Task details:
Find the line with "(eapply le_trans; [apply" in the entries below, then reproduce it and every line after it down to and including the line with "rewrite precise_add_self, mul_assoc; auto.", exactly.
[Data for this task Boundary: Start]
(* [R B = M] for a magnitude [B], and [M] dominates every relative uncertainty. *)
Lemma mul_add_magnitude_r t w B : magnitude B -> t ⊗ w ⊕ t ⊗ B = t ⊗ (w ⊕ B).
Proof.
  intro hB. apply relunc_distr. right. rewrite (relunc_magnitude B hB).
  pose proof (magnitude_relunc u_ge_one_of_relunc_distr) as hR.
  pose proof (E3 Hsolid (R w)) as h. rewrite (hR w) in h. rewrite h.
  apply magnitude_le_bigM; auto using u_ge_one_of_relunc_distr.
Qed.

Lemma u_two : u two = one.
Proof.
  assert (he : e (u two) = zero).
  { apply magnitude_eq_zero_of_mul_two; [apply magnitude_e |].
    apply le_antisym; [rewrite <- precise_two; apply e_u_mul_le_e, zeroless_two |].
    apply zero_le_magnitude, magnitude_e_mul. }
  rewrite u_precise_eq_one_add_e, he, add_zero; auto using precise_two.
  intro h. apply zeroless_two. rewrite h. symmetry. apply e_zero.
Qed.

Lemma two_mul_inv_two : two ⊗ inv two = one.
Proof. rewrite mul_inv, u_two; auto using zeroless_two. Qed.

Lemma precise_inv_two : precise (inv two).
Proof.
  apply magnitude_eq_zero_of_mul_two; [apply magnitude_e |].
  apply le_antisym; [| apply zero_le_magnitude, magnitude_e_mul].
  pose proof (e_mul two (inv two)) as h.
  rewrite two_mul_inv_two, e_one, precise_two in h. rewrite h.
  apply magnitude_le_add_r; [apply magnitude_mul_l, magnitude_zero | apply magnitude_e_mul].
Qed.

(* [k/2] is precise and absorbed by [(D 2)/2 = D], and [k = k/2 + k/2]. *)
Lemma add_magnitude_of_add_mul_two k D :
  precise k -> magnitude D -> k ⊕ D ⊗ two = D ⊗ two -> k ⊕ D = D.
Proof.
  intros hk hD hkD2. set (h := inv two).
  assert (hhD : h ⊗ (D ⊗ two) = D).
  { unfold h. rewrite (mul_comm D two), mul_assoc, (mul_comm _ two), two_mul_inv_two.
    apply one_mul. }
  assert (hhk : h ⊗ k ⊕ D = D).
  { rewrite <- hhD at 1. rewrite precise_mul_add, hkD2; [exact hhD | apply precise_inv_two]. }
  assert (hek : precise (h ⊗ k)).
  { unfold precise, h.
    rewrite e_mul, precise_inv_two, hk, !zero_mul_precise; auto using precise_inv_two.
    apply zero_add. }
  assert (hkk : h ⊗ k ⊕ h ⊗ k = k).
  { rewrite precise_add_self; auto. unfold h.
    rewrite (mul_comm _ k), <- mul_assoc, (mul_comm _ two), two_mul_inv_two. apply mul_one. }
  rewrite <- hkk, <- add_assoc, hhk. exact hhk.
Qed.

Lemma magnitude_mul_two_le D : magnitude D -> D ⊗ two ≼ D.
Proof.
  intro hD. assert (hD2 : magnitude (D ⊗ two)) by now apply magnitude_mul_l.
  destruct (le_total (D ⊗ two) D) as [hl|hl]; auto.
  destruct (classic (D = D ⊗ two)) as [he|hne]; [rewrite <- he; apply le_refl | exfalso].
  destruct (precise_absorbed_between D (D ⊗ two) hD hD2 (conj hl hne)) as [k [hk [hkD2 hkD]]].
  exact (hkD (add_magnitude_of_add_mul_two k D hk hD hkD2)).
Qed.

(* With [m = max (|b|, |c|)]: [A (b + c) <= A (2 m) = (A m) 2 <= A m]. *)
Lemma magnitude_mul_add_le_precise A b c : magnitude A -> precise b -> precise c ->
  A ⊗ (b ⊕ c) ≼ A ⊗ b ⊕ A ⊗ c.
Proof.
  intros hA hb hc.
  destruct (precise_abs_max b c hb hc) as [m [hm [hbm [hbm' [hcm [hcm' hAm]]]]]].
  assert (hbc : precise (b ⊕ c)) by (unfold precise; rewrite e_add, hb, hc; apply zero_add).
  destruct (precise_abs (b ⊕ c) hbc) as [s [hs [hs0 _]]].
  assert (hsm : s ≼ m ⊕ m).
  { destruct hs as [-> | ->]; [| rewrite opp_add];
      (eapply le_trans; [apply add_le_mono_r; eassumption | apply add_le_mono_l; eassumption]). }
  rewrite <- (magnitude_mul_abs A s (b ⊕ c) hA hs).
  pose proof (O5 Hsolid A s (m ⊕ m)) as h. rewrite hA, (precise_of_abs s _ hbc hs) in h.
  eapply le_trans; [now apply h |].
  rewrite precise_add_self, mul_assoc; auto.
  eapply le_trans; [apply magnitude_mul_two_le, magnitude_mul_l, hA | now apply hAm].
Qed.

Lemma magnitude_mul_add_le_of_relunc_distr A y z :
  magnitude A -> A ⊗ (y ⊕ z) ≼ A ⊗ y ⊕ A ⊗ z.
Proof.
  intro hA. destruct (E5 Hsolid y) as [b [hy hb]]. destruct (E5 Hsolid z) as [c [hz hc]].
  assert (hB : magnitude (e y)) by apply magnitude_e.
  assert (hC : magnitude (e z)) by apply magnitude_e.
  assert (hAy : A ⊗ y = A ⊗ b ⊕ A ⊗ e y)
    by (rewrite hy at 1; symmetry; now apply mul_add_magnitude_r).
  assert (hAz : A ⊗ z = A ⊗ c ⊕ A ⊗ e z)
    by (rewrite hz at 1; symmetry; now apply mul_add_magnitude_r).
  assert (hAyz : A ⊗ (y ⊕ z) = A ⊗ (b ⊕ c) ⊕ (A ⊗ e y ⊕ A ⊗ e z)).
  { rewrite hy at 1. rewrite hz at 1. rewrite add_add_add_comm, <- (mul_add_magnitude A (e y));
      auto. symmetry. apply mul_add_magnitude_r, magnitude_add; auto. }
  rewrite hAy, hAz, hAyz, (add_add_add_comm (A ⊗ b)).
  apply magnitude_add_le; auto using magnitude_mul_l, magnitude_add.
  - eapply le_trans; [now apply magnitude_mul_add_le_precise |].
    apply magnitude_le_add_l; auto using magnitude_mul_l, magnitude_add.
  - apply magnitude_le_add_r; auto using magnitude_mul_l, magnitude_add.
Qed.
(* Let $\mathcal{R}=(\mathcal{X},(\mathcal{M},\mathcal{I}))$ be a reflexive graph category with isomorphisms that has terminal objects stable under face maps and degeneracies. Then for each natural number $n$, the category $\mathcal{M}^n\to\mathcal{M}$ has a terminal object.
   Context: Fix a locally small category $\mathcal{C}$ with finite products; all categories, functors and natural transformations below are internal to $\mathcal{C}$ (objects of objects $C_0$, of morphisms $C_1$, source/target $\mathsf{s}_C,\mathsf{t}_C$, identities $\mathsf{id}_C$, composition $\circ_C$ on generalized morphisms $J\to C_1$, object/morphism parts $F_0,F_1$ of functors). A reflexive graph category $\mathcal{X}$ consists of internal categories $\mathcal{X}(0),\mathcal{X}(1)$, two distinct internal functors $\mathcal{X}(\mathbf{f}_\top),\mathcal{X}(\mathbf{f}_\bot):\mathcal{X}(1)\to\mathcal{X}(0)$ (face maps) and an internal functor $\mathcal{X}(\mathbf{d}):\mathcal{X}(0)\to\mathcal{X}(1)$ (degeneracy) with $\mathcal{X}(\mathbf{f}_\star)\circ\mathcal{X}(\mathbf{d})=\mathsf{id}$; $\mathcal{X}^n$ is the componentwise product. A reflexive graph functor $\mathcal{F}:\mathcal{X}\to\mathcal{Y}$ is a pair of internal functors $\mathcal{F}(l):\mathcal{X}(l)\to\mathcal{Y}(l)$; face map-preserving: $\mathcal{Y}(\mathbf{f}_\star)\circ\mathcal{F}(1)=\mathcal{F}(0)\circ\mathcal{X}(\mathbf{f}_\star)$; degeneracy-preserving: equipped with an internal natural isomorphism $\varepsilon_\mathcal{F}:\mathcal{Y}(\mathbf{d})\circ\mathcal{F}(0)\to\mathcal{F}(1)\circ\mathcal{X}(\mathbf{d})$ with $\mathcal{Y}(\mathbf{f}_\star)_1\circ\varepsilon_\mathcal{F}=\mathsf{id}_{\mathcal{Y}(0)}\circ\mathcal{F}(0)_0$. Reflexive graph natural transformations $\eta:\mathcal{F}\to\mathcal{G}$: pairs of internal natural transformations $\eta(l):\mathcal{F}(l)\to\mathcal{G}(l)$; face map-preserving: $\mathcal{Y}(\mathbf{f}_\star)_1\circ\eta(1)=\eta(0)\circ\mathcal{X}(\mathbf{f}_\star)_0$; degeneracy-preserving: $(\eta(1)\circ\mathcal{X}(\mathbf{d})_0)\circ_{\mathcal{Y}(1)}\varepsilon_\mathcal{F}=\varepsilon_\mathcal{G}\circ_{\mathcal{Y}(1)}(\mathcal{Y}(\mathbf{d})_1\circ\eta(0))$. Composition $(\mathcal{G}\circ\mathcal{F})(l)=\mathcal{G}(l)\circ\mathcal{F}(l)$, $\varepsilon_{\mathcal{G}\circ\mathcal{F}}=(\mathcal{G}(1)_1\circ\varepsilon_\mathcal{F})\circ(\varepsilon_\mathcal{G}\circ\mathcal{F}(0)_0)$. A reflexive graph category with isomorphisms $\mathcal{R}=(\mathcal{X},(\mathcal{M},\mathcal{I}))$: reflexive graph categories $\mathcal{X},\mathcal{M}$ and a reflexive graph functor $\mathcal{I}:\mathcal{M}\to\mathcal{X}$ with $\mathcal{I}(l)_0$ iso, $\mathcal{I}(l)_1$ monic, $\mathcal{I}(0)\circ\mathcal{M}(\mathbf{f}_\star)=\mathcal{X}(\mathbf{f}_\star)\circ\mathcal{I}(1)$, $\mathcal{I}(1)\circ\mathcal{M}(\mathbf{d})=\mathcal{X}(\mathbf{d})\circ\mathcal{I}(0)$ (so $\varepsilon_\mathcal{I}$ is an identity), and every morphism of $\mathcal{M}(l)$ an isomorphism; $\mathcal{M}(l)$ is regarded as a wide subcategory of $\mathcal{X}(l)$ and a morphism of $\mathcal{X}(l)$ ''lies in $\mathcal{M}(l)$'' if it is in the image of $\mathcal{I}(l)_1$. The category $\mathcal{M}^n\to\mathcal{M}$ has as objects the face map- and degeneracy-preserving reflexive graph functors $\mathcal{M}^n\to\mathcal{M}$ and as morphisms $\mathcal{F}\to\mathcal{G}$ the face map- and degeneracy-preserving reflexive graph natural transformations $\mathcal{I}\circ\mathcal{F}\to\mathcal{I}\circ\mathcal{G}$, with componentwise identities and composition. An internal category $C$ has a terminal object if it is equipped with $1_C:1\to C_0$ such that for every generalized object $a:J\to C_0$ there is a unique $!_C(a):J\to C_1$ with source $a$ and target $1_C\circ !_J$. $\mathcal{R}$ has terminal objects stable under face maps and degeneracies if $\mathcal{X}(0)$ and $\mathcal{X}(1)$ have terminal objects, $\mathcal{X}(\mathbf{f}_\star)_0\circ 1_{\mathcal{X}(1)}=1_{\mathcal{X}(0)}$ for both $\star$ (the canonical comparison morphism being the identity), and the canonical morphism $\eta^1_\mathcal{X}:\mathcal{X}(\mathbf{d})_0\circ 1_{\mathcal{X}(0)}\to 1_{\mathcal{X}(1)}$ in $\mathcal{X}(1)$ is an isomorphism lying in $\mathcal{M}(1)$. *)

Record Cat := {
  ob :> Type;
  hom : ob -> ob -> Type;
  idm : forall a, hom a a;
  cmp : forall a b c, hom b c -> hom a b -> hom a c;
  cmp_idl : forall a b (f : hom a b), cmp a b b (idm b) f = f;
  cmp_idr : forall a b (f : hom a b), cmp a a b f (idm a) = f;
  cmp_assoc : forall a b c d (h : hom c d) (g : hom b c) (f : hom a b),
      cmp a c d h (cmp a b c g f) = cmp a b d (cmp b c d h g) f;
  one : ob;
  to_one : forall a, hom a one;
  to_one_uniq : forall a (f g : hom a one), f = g;
  prod : ob -> ob -> ob;
  pr1 : forall a b, hom (prod a b) a;
  pr2 : forall a b, hom (prod a b) b;
  pair : forall x a b, hom x a -> hom x b -> hom x (prod a b);
  pr1_pair : forall x a b (f : hom x a) (g : hom x b),
      cmp x (prod a b) a (pr1 a b) (pair x a b f g) = f;
  pr2_pair : forall x a b (f : hom x a) (g : hom x b),
      cmp x (prod a b) b (pr2 a b) (pair x a b f g) = g;
  pair_eta : forall x a b (h : hom x (prod a b)),
      h = pair x a b (cmp x (prod a b) a (pr1 a b) h) (cmp x (prod a b) b (pr2 a b) h)
}.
[Data for this task Boundary: End]
Answer for this exercise:
      (eapply le_trans; [apply add_le_mono_r; eassumption | apply add_le_mono_l; eassumption]). }
  rewrite <- (magnitude_mul_abs A s (b ⊕ c) hA hs).
  pose proof (O5 Hsolid A s (m ⊕ m)) as h. rewrite hA, (precise_of_abs s _ hbc hs) in h.
  eapply le_trans; [now apply h |].
  rewrite precise_add_self, mul_assoc; auto.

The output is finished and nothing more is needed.